Урал как предчувствие. Заметки о геополитике Бориса. Пастернака
Русской литературе нужен не новый Пушкин или Достоевский, она «ждет своего Пржевальского», – с таким парадоксальным прогнозом в 1913 году выступил Велимир Хлебников. Вводя в область литературной рефлексии новую для русской философско-эстетической традиции проблематику об отношении культуры к географии1, в статье «О расширении пределов русской словесности» он заговорил о долге отечественной литературы перед российским пространством. По Хлебникову, русская литература обнаруживает «искусственную узость» в геопоэтическом смысле. Это преимущественно литература одной территории – Восточно – Европейской равнины. Она не отражает реального территориального и этнического многообразия России: «Из отдельных мест е[ю] воспет Кавказ, но не Урал и Сибирь…»2.
Прогноз Хлебникова в значительной степени оправдался, и художественное освоение пространства России, в первую очередь Сибири и Урала, с 1910-х годов становится одним из значительных векторов литературного развития. С художественным освоением Урала в русскую культуру вошла новая модель геопространства, доминирующим началом которой стала не равнинная бескрайность, а темная и неистощимая глубина земли. Такой образ Урала был канонизирован сказами Павла Бажова, и он сохраняет свою притягательность и продуктивность вплоть до новейших вариаций уральской темы в прозе Алексея Иванова и Ольги Славниковой3.
Но у этого образа была поэтическая предыстория. В художественном открытии Урала значительную роль сыграл не уралец, а москвич Борис Пастернак. В 1916 году он полгода провел на севере Пермской губернии в поселке Всеволодо – Вильва, и в дальнейшем Урал стал одним из главных топосов его художественного мира. «…Нет Урала, кроме пастернаковского Урала, как оно и есть: ссылаюсь на всех читавших «Детство Люверс» и «Уральские стихи»», – писала в начале 30-х Марина Цветаева, и тогда в ее словах не было значительного преувеличения4.
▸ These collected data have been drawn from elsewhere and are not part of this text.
Lemma Zp_hom_aut_transitive f g : (1 < n)%N -> is_Zp_hom f -> is_Zp_hom g ->
    (exists w, f w <> 0) -> (exists w, g w <> 0) ->
  exists chi, is_aut chi /\ forall w, f (chi w) = g w.
Proof.
move=> n_gt1 fM gM f_nz g_nz.
have i01 : Ordinal (ltnW n_gt1) != Ordinal n_gt1 by [].
have [al [alA alE]] := Zp_hom_normal_form i01 fM f_nz.
have [be [beA beE]] := Zp_hom_normal_form i01 gM g_nz.
have [be' [be'A _ be'K]] := is_aut_inv beA.
have fg : f \o al =1 g \o be.
  apply: Zp_hom_eq; try (apply: Zp_hom_comp => //; apply: is_aut_morph => //).
  by move=> i /=; rewrite alE beE.
exists (al \o be'); split; first exact: is_aut_comp.
by move=> w; have /= -> := fg (be' w); rewrite be'K.
Qed.

End AutTransitivity.

Lemma free_perm_order (T : finType) (s : {perm T}) : prime #|T| -> s != 1%g ->
  (forall j x, (s ^+ j)%g x = x -> (s ^+ j)%g = 1%g) -> #[s]%g = #|T|.
Proof.
move=> T_pr s_neq1 s_free.
have orbit_card x : #|orbit 'P <[s]> x| = #[s]%g.
  have := card_orbit_stab 'P <[s]> x; suff -> : #|'C_<[s]>[x | 'P]| = 1%N by rewrite muln1.
  apply/eqP; rewrite -trivg_card1; apply/eqP/trivgP/subsetP => a /setIP[/cycleP[j ->]].
  by move/astab1P => /= sjx; rewrite inE (s_free j x).
have s_acts : [acts <[s]>, on [set: T] | 'P] by apply/actsP => a _ x; rewrite !inE.
have := acts_sum_card_orbit s_acts; rewrite cardsT (eq_bigr (fun=> #[s]%g)); last first.
  by move=> _ /imsetP[x _ ->]; apply: orbit_card.
rewrite sum_nat_const => card_T.
have /(primeP T_pr).2 /orP[|/eqP //] : (#[s]%g %| #|T|)%N by rewrite -card_T dvdn_mull.
by rewrite order_eq1 (negPf s_neq1).
Qed.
Это большая тема: Урал в жизни и художественном мире Пастернака5. Особый поворот ее в настоящей работе состоит в том, что мы попробуем описать, как формировался образ Урала у Пастернака, реконструировать, каким он воображался до встречи поэта с реальным местом в 1916 году – Урал до Урала.
Если исходить из убежденности Пастернака, что художественные «формы должны следовать из особого свойства каждого художнического внимания, как следуют выводы из мыслей остальных людей»6, то особое свойство пастернаковского видения стоит определить как пространственность. Ему было дано видеть, как «поля и даль распластывались эллипсом» и «крутясь в смерче копыт и наголенников, / Как масло били лошади пространство»7, как «навстречу курьерскому, от города, как от моря, / По воздуху мчатся огромные рощи», видеть «дом, где, пятен лишена / И только шагом схожая с гепардом, / В одной из крайних комнат тишина, / Облапив шар, ложится под бильярдом», видеть, наконец, «как образ входит в образ» и «как предмет сечет предмет». Пастернак видел мир и вещи в движении и динамических пространственных трансформациях.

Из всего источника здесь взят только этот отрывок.